Why Do Olympians Bite Their Gold Medals? It's An Unofficial Olympic Tradition
Whenever Olympic athletes receive gold medals, it's a pretty likely bet that there will be photos of them trying to take a bite out of it. But why do Olympians bite their gold medals? It's a strange thing to do, to be sure, but it sounds like the photo op has, in a way, become a kind of rite of passage for medal winners. If you've dedicated your entire life to winning that medal after all, well, why not celebrate with a signature Olympic photo pose? But, according to CNN, even if you'd rather not risk leaving a bite-mark on your medal, chances are good you'll be asked to do it anyway: after the medal ceremony, winners are whisked away to be photographed by a group of Olympic photographers, who pretty much always request their subjects for at least one "biting the medal" shot. David Wallechinsky, president of the International Society of Olympic Historians, told CNN,
Iconic shot or not, how did the tradition even begin in the first place? According to NBC News, it's thought that the practice probably began in a nod to the way that people used to test for counterfeit gold coins used as currency. Gold is a relatively soft metal, so biting a coin and leaving a slight indent was a sign that a coin was actually made of solid gold, as opposed to a gold-plated lead coin, which obviously would have had substantially less value.

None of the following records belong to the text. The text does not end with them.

(* Let $\Sigma=\{c_1\prec c_2\prec\dots\prec c_\sigma\}$, let $n\ge1$ and nonnegative integers $n_c$ ($c\in\Sigma$) with $\sum_c n_c=n-1$ be given, and let $\mathcal U$, $\mathcal M$, $f$ be as in the context. A binary matrix $M\in\mathcal M$ belongs to $f(\mathcal U)$ if and only if its associated sequence $\mathcal L$ is a Łukasiewicz path.
   Context: A trie over a finite totally ordered alphabet $\Sigma$ of size $\sigma$ is a rooted ordered tree with edges labeled by symbols of $\Sigma$ such that edges leaving the same node have distinct labels and siblings are ordered by their incoming labels. For a node $u$, $out(u)\subseteq\Sigma$ is the set of labels of edges leaving $u$. $\mathcal U$ is the set of tries with $n$ nodes over $\Sigma$ in which exactly $n_c$ edges are labeled $c$, for each $c$. $\mathcal M$ is the set of all $\sigma\times n$ binary matrices $M$ such that, for every $i\in[\sigma]$, row $i$ of $M$ contains exactly $n_{c_i}$ ones. The map $f:\mathcal U\to\mathcal M$ sends a trie with nodes $u_1,\dots,u_n$ listed in pre-order (children visited in increasing label order) to the matrix $M$ with $M[i][j]=1$ iff $c_i\in out(u_j)$. For $M\in\mathcal M$, define integer sequences of length $n$ by $\mathcal D[i]=(\text{number of ones in column } i \text{ of } M)-1$ and $\mathcal L[i]=\sum_{j=1}^i\mathcal D[j]$. A Łukasiewicz path is an integer sequence $\mathcal L[1..n]$ with $\mathcal L[n]=-1$ and, for every $i\in[n-1]$, $\mathcal L[i]\ge 0$ and $\mathcal L[i+1]-\mathcal L[i]\ge -1$. *)

From HB Require Import structures.
From mathcomp Require Import all_boot all_order all_algebra.
Set Implicit Arguments. Unset Strict Implicit. Unset Printing Implicit Defensive.
Import Order.TTheory GRing.Theory Num.Theory.

(* Alphabet Sigma = {c_1 < ... < c_sigma} is represented by 'I_sigma
   (c_{i+1} is the ordinal i), ordered by the natural order. *)

Inductive trie (sigma : nat) : Type :=
  Node : seq ('I_sigma * trie sigma) -> trie sigma.

Arguments Node {sigma}.

Definition children {sigma} (t : trie sigma) : seq ('I_sigma * trie sigma) :=
  let: Node cs := t in cs.

Definition out {sigma} (t : trie sigma) : seq 'I_sigma := map fst (children t).

Fixpoint wf_trie {sigma} (t : trie sigma) : bool :=
  let: Node cs := t in
  sorted (fun a b : 'I_sigma => (a < b)%N) (map fst cs) &&
  (fix aux (l : seq ('I_sigma * trie sigma)) : bool :=
     match l with [::] => true | (_, u) :: l' => wf_trie u && aux l' end) cs.

(* Pre-order list of nodes (children visited in list order, which for
   well-formed tries is increasing label order). *)
Fixpoint preorder {sigma} (t : trie sigma) : seq (trie sigma) :=
  let: Node cs := t in
  t :: (fix aux (l : seq ('I_sigma * trie sigma)) : seq (trie sigma) :=
          match l with [::] => [::] | (_, u) :: l' => preorder u ++ aux l' end) cs.

Definition edge_count {sigma} (t : trie sigma) (c : 'I_sigma) : nat :=
  \sum_(u <- preorder t) (c \in out u).

Definition in_U {sigma} (n : nat) (cnt : 'I_sigma -> nat) (t : trie sigma) : Prop :=
  [/\ wf_trie t, size (preorder t) = n & forall c, edge_count t c = cnt c].

Definition in_M {sigma n} (cnt : 'I_sigma -> nat) (M : 'M[bool]_(sigma, n)) : Prop :=
  forall i : 'I_sigma, \sum_(j < n) (M i j : nat) = cnt i.

Definition f_trie {sigma} (n : nat) (t : trie sigma) : 'M[bool]_(sigma, n) :=
  \matrix_(i < sigma, j < n) (i \in out (nth (Node [::]) (preorder t) j)).

(* D[j] (0-indexed column j, i.e. paper's D[j+1]) *)
Definition Dseq {sigma n} (M : 'M[bool]_(sigma, n)) (j : 'I_n) : int :=
  (\sum_(i < sigma) (M i j : nat))%:Z - 1.

(* L[k] = sum_{j=1}^k D[j], for k = 1..n (paper's 1-based indexing) *)
Definition Lseq {sigma n} (M : 'M[bool]_(sigma, n)) (k : nat) : int :=
  \sum_(j < n | (j < k)%N) Dseq M j.

Definition lukasiewicz (n : nat) (L : nat -> int) : Prop :=
  L n = (-1)%R /\
  forall i : nat, (1 <= i <= n - 1)%N -> (0 <= L i)%R /\ (-1 <= L i.+1 - L i)%R.

From mathcomp Require Import all_boot all_order all_algebra zify.

Set Implicit Arguments.
Unset Strict Implicit.
Unset Printing Implicit Defensive.

Import GRing.Theory Num.Theory.

(* Reading the out-degrees of a trie in pre-order is a stack machine: it starts
   with one pending subtree, and each node consumes one pending subtree and
   opens as many new ones as its degree, so L[k] + 1 is the number of pending
   subtrees after k nodes.  Hence the column sums of f(t) form such a "forest
   code", which amounts to L staying nonnegative and ending at -1.  Conversely
   a forest code splits into the codes of the subtrees of the root, so it can
   be decoded into a trie; labelling the edges of the node of column j by the
   (sorted) rows of the ones of that column makes the trie well formed, and f
   maps it back to M. *)

Section Tries.
Variable sigma : nat.
Implicit Types (t u : trie sigma) (cs : seq ('I_sigma * trie sigma)).
Local Notation ltI := (fun a b : 'I_sigma => (a < b)%N).

Lemma trie_nested_ind (P : trie sigma -> Prop) :
  (forall cs, (forall p, List.In p cs -> P p.2) -> P (Node cs)) -> forall t, P t.
Proof.
move=> IH; fix F 1 => -[cs]; apply: IH.
exact: (fix G (l : seq ('I_sigma * trie sigma)) : forall p, List.In p l -> P p.2 :=
  match l with
  | [::] => fun p (in_nil : List.In p [::]) => False_ind _ in_nil
  | (a, u) :: l' => fun p in_l =>
      match in_l with
      | or_introl e => eq_ind (a, u) (fun q => P q.2) (F u) p e
      | or_intror in_l' => G l' p in_l'
      end
  end) cs.
Qed.

Lemma wf_trie_Node cs :
  wf_trie (Node cs) = sorted ltI (map fst cs) && all (fun p => wf_trie p.2) cs.
Proof. by rewrite /=; congr (_ && _); elim: cs => //= [[a u] l ->]. Qed.

Lemma preorder_Node cs :
  preorder (Node cs) = Node cs :: flatten [seq preorder p.2 | p <- cs].
Proof. by rewrite /=; congr (_ :: _); elim: cs => //= [[a u] l ->]. Qed.

Lemma sorted_out u : wf_trie u -> sorted ltI (out u).
Proof. by case: u => cs; rewrite wf_trie_Node => /andP[]. Qed.

Lemma wf_trie_preorder t : wf_trie t -> all wf_trie (preorder t).
Proof.
elim/trie_nested_ind: t => cs IH wf_cs; rewrite preorder_Node -cat1s all_cat all_seq1 wf_cs /=.
move: wf_cs; rewrite wf_trie_Node => /andP[_].
elim: cs IH => [|p cs IHcs] IH // /andP[wf_p wf_cs].
rewrite map_cons [flatten _]/= all_cat (IH p (or_introl erefl) wf_p).
by apply: IHcs wf_cs => q in_q; apply: IH q (or_intror in_q).
Qed.

End Tries.

(* [forest_code m ds]: [ds] is the pre-order degree sequence of a sequence of
   [m] ordered trees; [m] counts the subtrees still to be read. *)
Fixpoint forest_code (m : nat) (ds : seq nat) : bool :=
  if ds is d :: ds' then (0 < m) && forest_code (m.-1 + d) ds' else m == 0.

Lemma forest_code_split (T : Type) (g : T -> nat) (s : seq T) k m :
  forest_code (k + m) (map g s) ->
  exists s1 s2, [/\ s = s1 ++ s2, forest_code k (map g s1) & forest_code m (map g s2)].
Proof.
elim: s k m => [|x s IH] [|k] m /=.
- by case: m => // _; exists [::], [::].
- by [].
- by move=> code_s; exists [::], (x :: s).
by rewrite addnAC => /IH[s1 [s2 [-> code1 code2]]]; exists (x :: s1), s2.
Qed.

Section ForestCodes.
Variable sigma : nat.
Local Notation ltI := (fun a b : 'I_sigma => (a < b)%N).

Lemma forest_code_preorder_cat (t : trie sigma) m rest :
  forest_code m.+1 ([seq size (out u) | u <- preorder t] ++ rest) = forest_code m rest.
Proof.
elim/trie_nested_ind: t m rest => cs IH m rest.
rewrite preorder_Node /= size_map map_flatten -map_comp.
elim: cs IH m => [|p cs IHcs] IH m /=; first by rewrite addn0.
by rewrite addnS -catA (IH p (or_introl erefl)) IHcs // => q in_q; apply: IH q (or_intror in_q).
Qed.

Lemma forest_code_preorder (t : trie sigma) :
  forest_code 1 (map size (map out (preorder t))).
Proof. by rewrite -map_comp -[map _ _]cats0 forest_code_preorder_cat. Qed.

Lemma forest_code_realize (ls : seq (seq 'I_sigma)) m :
  all (sorted ltI) ls -> forest_code m (map size ls) ->
  exists ts : seq (trie sigma),
    [/\ size ts = m, all wf_trie ts & flatten [seq map out (preorder t) | t <- ts] = ls].
Proof.
elim: {ls}(size ls).+1 {-2}ls (ltnSn (size ls)) m => [|N IH] ls; first by rewrite ltn0.
move=> size_ls [|m] sorted_ls.
  by case: ls {size_ls sorted_ls} => //= _; exists [::].
rewrite -add1n => /forest_code_split[[|l s1] [s2 [def_ls //= code1 code2]]].
move: sorted_ls size_ls; rewrite def_ls all_cat /= size_cat /=.
move=> /andP[/andP[sorted_l sorted1] sorted2] size_ls.
have [cs [size_cs wf_cs out_cs]] := IH s1 ltac:(lia) _ sorted1 code1.
have [ts [size_ts wf_ts out_ts]] := IH s2 ltac:(lia) _ sorted2 code2.
have size_l : size l = size cs by rewrite size_cs.
have unzip1_lcs : unzip1 (zip l cs) = l by rewrite unzip1_zip ?size_l.
have unzip2_lcs : unzip2 (zip l cs) = cs by rewrite unzip2_zip ?size_l.
exists (Node (zip l cs) :: ts); split.
- by rewrite /= size_ts.
- rewrite -cat1s all_cat all_seq1 wf_ts andbT wf_trie_Node -/(unzip1 _) unzip1_lcs sorted_l.
  by rewrite -unzip2_lcs all_map in wf_cs.
- rewrite map_cons preorder_Node /= -[out _]/(unzip1 (zip l cs)) unzip1_lcs out_ts -out_cs.
  by rewrite map_flatten -map_comp -[in RHS]unzip2_lcs /unzip2 -map_comp.
Qed.

Lemma trie_realize (ls : seq (seq 'I_sigma)) :
  all (sorted ltI) ls -> forest_code 1 (map size ls) ->
  exists2 t : trie sigma, wf_trie t & map out (preorder t) = ls.
Proof.
move=> sorted_ls /(forest_code_realize sorted_ls)[[|t [|? ?]] [] //= _].
by rewrite andbT cats0; exists t.
Qed.

End ForestCodes.

Local Open Scope ring_scope.

Definition luk_path (ds : seq nat) (k : nat) : int :=
  \sum_(0 <= j < k) ((nth 0%N ds j)%:Z - 1).

Lemma luk_path0 ds : luk_path ds 0 = 0.
Proof. by rewrite /luk_path big_geq. Qed.

Lemma luk_path_cons d ds k : luk_path (d :: ds) k.+1 = (d%:Z - 1) + luk_path ds k.
Proof. by rewrite /luk_path big_nat_recl. Qed.

Lemma luk_pathS ds k : luk_path ds k.+1 = luk_path ds k + ((nth 0%N ds k)%:Z - 1).
Proof. by rewrite /luk_path big_nat_recr. Qed.

Lemma forest_codeP m ds :
  reflect (m%:Z + luk_path ds (size ds) = 0 /\
           forall k, (k < size ds)%N -> 0 < m%:Z + luk_path ds k)
          (forest_code m ds).
Proof.
elim: ds m => [|d ds IH] m /=.
  rewrite luk_path0; apply: (iffP eqP) => [-> | [m0 _]]; last lia.
  by split=> // k; rewrite ltn0.
apply: (iffP andP) => [[m_gt0 /IH[end_ds pos_ds]] | [end_ds pos_ds]].
  split=> [|[|k] k_lt]; rewrite ?luk_path0 ?luk_path_cons; first by move: end_ds; lia.
    by lia.
  by have := pos_ds k k_lt; lia.
have m_gt0 : (0 < m)%N by have := pos_ds 0%N erefl; rewrite luk_path0; lia.
split=> //; apply/IH; split=> [|k k_lt].
  by move: end_ds; rewrite luk_path_cons; lia.
by have := pos_ds k.+1 k_lt; rewrite luk_path_cons; lia.
Qed.

Lemma lukasiewicz_forest_code n ds (L : nat -> int) :
  size ds = n -> (0 < n)%N -> (forall k, (k <= n)%N -> L k = luk_path ds k) ->
  lukasiewicz n L <-> forest_code 1 ds.
Proof.
move=> <- n_gt0 L_ds; split=> [[L_end L_step] | /forest_codeP[end_ds pos_ds]].
  apply/forest_codeP; split; first by rewrite -L_ds // L_end.
  case=> [|k] k_lt; first by rewrite luk_path0.
  by have [L_ge0 _] := L_step k.+1 ltac:(lia); rewrite -L_ds //; lia.
split=> [|i i_bnd]; first by rewrite L_ds //; lia.
rewrite !L_ds; [|lia|lia]; split; first by have := pos_ds i ltac:(lia); lia.
by rewrite luk_pathS; lia.
Qed.

Section Columns.
Variables (sigma n : nat) (M : 'M[bool]_(sigma, n)).
Local Notation ltI := (fun a b : 'I_sigma => (a < b)%N).

Lemma sorted_enum_ord : sorted ltI (enum 'I_sigma).
Proof. by have := iota_ltn_sorted 0 sigma; rewrite -val_enum_ord sorted_map. Qed.

Lemma filter_enum_sorted (s : seq 'I_sigma) :
  sorted ltI s -> [seq i <- enum 'I_sigma | i \in s] = s.
Proof.
move=> sorted_s; apply: (irr_sorted_eq (leT := fun a b : 'I_sigma => (a < b)%N)).
- exact: ltn_trans.
- exact: ltnn.
- by apply: sorted_filter; [exact: ltn_trans | exact: sorted_enum_ord].
- exact: sorted_s.
- by move=> i; rewrite mem_filter mem_enum andbT.
Qed.

Definition col_labels : seq (seq 'I_sigma) :=
  [seq [seq i <- enum 'I_sigma | M i j] | j <- enum 'I_n].

Lemma size_col_labels : size col_labels = n.
Proof. by rewrite size_map size_enum_ord. Qed.

Lemma nth_col_labels (j : 'I_n) : nth [::] col_labels j = [seq i <- enum 'I_sigma | M i j].
Proof. by rewrite (nth_map j) ?size_enum_ord // nth_ord_enum. Qed.

Lemma mem_nth_col_labels (i : 'I_sigma) (j : 'I_n) : (i \in nth [::] col_labels j) = M i j.
Proof. by rewrite nth_col_labels mem_filter mem_enum andbT. Qed.

Lemma size_nth_col_labels (j : 'I_n) :
  size (nth [::] col_labels j) = (\sum_(i < sigma) M i j)%N.
Proof.
rewrite nth_col_labels size_filter -sum1_count big_mkcond /= enumT.
by apply: eq_bigr => i _; case: (M i j).
Qed.

Lemma sorted_col_labels : all (sorted ltI) col_labels.
Proof.
apply/allP => _ /mapP[j _ ->].
by apply: sorted_filter; [exact: ltn_trans | exact: sorted_enum_ord].
Qed.

Lemma Lseq_luk_path k : (k <= n)%N -> Lseq M k = luk_path (map size col_labels) k.
Proof.
move=> k_le; rewrite /Lseq /luk_path (big_nat_widen _ _ _ _ _ k_le) big_mkord.
by apply: eq_bigr => j _; rewrite (nth_map [::]) ?size_col_labels // size_nth_col_labels.
Qed.

Lemma sum_mem_col_labels (i : 'I_sigma) :
  (\sum_(s <- col_labels) (i \in s) = \sum_(j < n) M i j)%N.
Proof.
rewrite big_map enumT; apply: eq_bigr => j _.
by rewrite mem_filter mem_enum andbT.
Qed.

End Columns.

Lemma f_trie_col_labels sigma n (t : trie sigma) (M : 'M[bool]_(sigma, n)) :
  map out (preorder t) = col_labels M -> f_trie n t = M.
Proof.
move=> out_t; apply/matrixP => i j; rewrite mxE -mem_nth_col_labels -out_t.
by rewrite (nth_map (Node [::])) // -(size_map out) out_t size_col_labels.
Qed.

Lemma col_labels_f_trie sigma n (t : trie sigma) :
  wf_trie t -> size (preorder t) = n -> col_labels (f_trie n t) = map out (preorder t).
Proof.
move=> wf_t size_t; apply: (eq_from_nth (x0 := [::])).
  by rewrite size_map size_col_labels.
rewrite size_col_labels => j j_lt; rewrite -[j]/(nat_of_ord (Ordinal j_lt)) nth_col_labels.
rewrite (nth_map (Node [::])) ?size_t //; under eq_filter do rewrite mxE.
apply/filter_enum_sorted/sorted_out.
by apply: (all_nthP _ (wf_trie_preorder wf_t)); rewrite size_t.
Qed.

Theorem lemma2 (sigma n : nat) (cnt : 'I_sigma -> nat)
  (Hn : (1 <= n)%N) (Hsum : (\sum_(c < sigma) cnt c)%N = (n - 1)%N)
  (M : 'M[bool]_(sigma, n)) (HM : in_M cnt M) :
  (exists t : trie sigma, in_U n cnt t /\ f_trie n t = M) <-> lukasiewicz n (Lseq M).
Proof.
have size_degs : size (map size (col_labels M)) = n by rewrite size_map size_col_labels.
rewrite (lukasiewicz_forest_code size_degs Hn (Lseq_luk_path M)).
split=> [[t [[wf_t size_t _] <-]] | code_M].
  by rewrite col_labels_f_trie // forest_code_preorder.
have [t wf_t out_t] := trie_realize (sorted_col_labels M) code_M.
exists t; split; last exact: f_trie_col_labels.
split=> // [|c]; first by rewrite -(size_map out) out_t size_col_labels.
rewrite /edge_count -(big_map out predT (fun s => nat_of_bool (c \in s))) out_t.
by rewrite sum_mem_col_labels HM.
Qed.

The irony though, according to TIME, is that Olympic gold medals aren't actually made of gold — or at least, not entirely anyway. They are actually more like upgraded sterling silver medals, with about 6 grams of 24-karat gold used as a coating to make it look gold. In fact, according to NBC News, only about 7.5 percent of the medal itself is gold, making it a bit less impressive that the Olympic medals have been growing in size and weight over the years. The medals at the 2016 Rio Olympic Games are the heaviest medals in the history of the Summer Olympics at 500 grams each, according to Forbes, but are hardly the most valuable in terms of composition. That honor would likely go to any of the gold medals awarded before 1912 — the last year that Olympic gold medals were actually made of solid gold.
Of course, it makes sense that solid gold medals would have to be phased out just due to cost alone. To award athletes in the top spot with a solid gold medal would cost a whopping $22,000 each, which is a far cry from the estimated $564 value of the Olympic medals being handed out in Rio, based on the current price of sterling silver and gold. Although, since it's probably safe to assume that no one competes in the Olympics with the intention of melting down their gold medal and selling it for cash, regardless of the makeup of the medals, they are still hugely valuable for personal reasons (as well as memorabilia for sports collectors, if anyone ever did want to sell their medal).
Given that the medals aren't gold though, the logic of leaving a bite-mark isn't exactly sound, but that obviously hasn't kept many athletes from trying it anyway — even if they haven't won gold. According to NBC News, German luger David Moeller actually broke his tooth after biting his newly-won silver medal for photographers at the 2010 Winter Olympics (ouch).
So while Olympians might want to be careful not to crack their teeth in overeager excitement, the "biting the medal" photo seems like a fun way to embrace one of many Olympic traditions during their big moment. Winning gold is something that few people on Earth will ever experience, so, hey, why not take a bite to celebrate?